BERLIN (ViaNews) – After the phenomenal success of Emmanuel Macron’s En Marche-movement in France, follows the German “Aufstehen” movement – headed by politicians of the far-left seeking to change left-wing politics in Germany.
“Aufstehen”, which translates to “rising up” seeks to unify the political left-of-center forces in Germany in a novel way to oppose the politics of Chancellor Merkel and increase the political influence of left-wing ideals.
The details of the policies that the movement aims to advance have not been explicitly articulated at this point. However, it is clearly inspired by Macron’s successful challenge to the established political order.
“Aufstehen” seems to be an attempt to find a new avenue to contest the hold on political power that the Conservative Christian Party (CDU) has had for over a decade.
The movement is spearheaded by prominent politicians of the Linke, the far-left party of Germany – Oskar Lafontaine and Sarah Wagenknecht – while the latter has assumed a more vocal role of representing it.
Wagenknecht has stated that “Aufstehen” wants to improve democratic conditions in Germany, advance the interest of those who see themselves ignored by established politics, improve economic conditions and oppose right-wing politics.
Wagenknecht proposes that the rise of the populist-right party AFD (Alternative for Germany) over recent years in Germany is not solely to be explained by anti-immigrant animus in the population. While the frustration with the German immigration policies of recent years is palpable everywhere in the country, Wagenknecht argues that the root of dissent is rather based in rising social and economic ills, such as unemployment and rising rents.
The success of the AFD, as well as the large-scale protests against the immigration policies of Chancellor Merkel, revealed that there was indeed a large strata of German society that felt their needs to be ignored by the political elites in Berlin.
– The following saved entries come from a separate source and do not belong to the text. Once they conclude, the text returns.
(* Let $x,y$ be Boolean strings with $|y|\ge1$, and let $w=xy0$. Then $\mu_x(y0)\le 0$ if $\rho(xy)>\mu_x(y)=0$, and $\mu_x(y0)\le\mu_x(y)-1$ otherwise.
   Context: Characteristic strings and forks. A characteristic string is $w=w_1\dots w_n\in\{0,1\}^n$; index $i$ is honest if $w_i=0$ and adversarial if $w_i=1$. A fork for $w$ is a rooted tree with edges directed away from the root $r$ and labeling $\ell:V\to\{0,\dots,n\}$ with (F1) $\ell(r)=0$; (F2) labels strictly increasing along directed paths; (F3) each honest index labels exactly one vertex; (F4) for honest $i<j$ the vertex labeled $i$ has strictly smaller depth than the vertex labeled $j$. Write $F\vdash w$. A vertex is honest if it is the root or labeled by an honest index. A tine is a directed path from the root; its length is its number of edges, $\ell(t)$ the label of its last vertex. A fork is closed if every leaf is honest; a closed fork has a unique longest tine $\hat t$. For closed $F\vdash w$ and tine $t$: $\mathrm{gap}(t)=\mathrm{length}(\hat t)-\mathrm{length}(t)$, $\mathrm{reserve}(t)=|\{i:w_i=1,\ i>\ell(t)\}|$, $\mathrm{reach}(t)=\mathrm{reserve}(t)-\mathrm{gap}(t)$; $\rho(F)=\max_t\mathrm{reach}(t)$, $\rho(w)=\max\{\rho(F):F\vdash w\text{ closed}\}$. For $w=xy$, tines are disjoint over $y$ if they share no edge terminating at a vertex with label $>|x|$ (a tine may be paired with itself). $\mu_x(F)=\max\min\{\mathrm{reach}(t_1),\mathrm{reach}(t_2)\}$ over pairs disjoint over $y$, and $\mu_x(y)=\max\{\mu_x(F):F\vdash xy\text{ closed}\}$. *)

From Stdlib Require Import ClassicalEpsilon.
From mathcomp Require Import all_boot all_order all_algebra.
Set Implicit Arguments. Unset Strict Implicit. Unset Printing Implicit Defensive.
Import Order.TTheory GRing.Theory Num.Theory.

(* Characteristic strings: w : seq bool, w_i = nth false w i.-1 for 1 <= i <= size w;
   true encodes 1 (adversarial), false encodes 0 (honest). *)
Definition adv (w : seq bool) (i : nat) : bool := nth false w i.-1.
Definition honest_idx (w : seq bool) (i : nat) : bool := ~~ adv w i.

(* The greatest element of a set of integers (chosen classically);
   meaningful when the set has a greatest element. *)
Definition maxZ (P : int -> Prop) : int :=
  epsilon (inhabits 0%R) (fun m => P m /\ forall k, P k -> (k <= m)%R).

(* A (labelled rooted) tree: vertices are 0 .. fsize, vertex 0 is the root,
   fpar v is the parent of vertex v > 0 (numbered so that fpar v < v, a
   topological numbering which exists for every finite rooted tree),
   and flab is the labelling. *)
Record fork := Fork { fsize : nat; fpar : nat -> nat; flab : nat -> nat }.

Definition vertex (F : fork) (v : nat) : bool := v <= fsize F.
The AFD tapped into the frustration of voters by explicitly positioning themselves as an alternative to mainstream politics, both in name and in party position.
Hence, Wagenknecht concludes that tackling social issues like unemployment would resolve grievances that are currently fueling the rise of the populist-right in the country.
This analysis appears sensible yet it is questionable whether the general sense of disgruntlement against the mainstream political parties in Germany is really caused by economic malaise. The unemployment rate in Germany has been steadily declining since 2010 and is one of the lowest in Europe at 3.5% in 2018.
Nevertheless, the left-wing initiative “Aufstehen” is confident it will be able to win back right-wing AFD voters by broadening the available spectrum for protest-voting and offering another alternative to disgruntled citizens.
In an interview with RT Deutsch (The German subsidiary of Russian state television broadcaster RT), Linke politician and “Aufstehen” member Sevim Dagdelen stated that immigration had hit lower-income households hard due to increased competition for jobs, living space, and attention of the welfare institutions.
The potential political proximity of far-right and far-left positions thus becomes ever more apparent. Wagenknecht and Lafontaine are generally known for their economic isolationist tendencies and thus their movement does not shy away from making it explicit that they consider more restrictive immigration policies to be required. Yet, this sharply contrasts with the official position of the Linke which just recently reasserted its support for open borders.
While “Aufstehen” aims to be a movement that unifies the German Left, it will likely not receive much support from the Social Democratic Party (SPD). Oskar Lafontaine was the one who founded the far-left Linke in 2005 after himself leaving the SPD – thus arguably reducing the vote share of the SPD in the following election. As a result, many in the SPD believe that Lafontaine is thus responsible for the election of Merkel and the resulting loss of political control for left-wing parties.
At this stage, the movement has not been able to find much support from the established political parties of Germany. Even members of Wagenknecht’s and Lafontaine’s own party (Linke) have expressed their skepticism. It thus remains to be seen whether “Aufstehen” will rise to have significant influence in German politics or will soon be forgotten.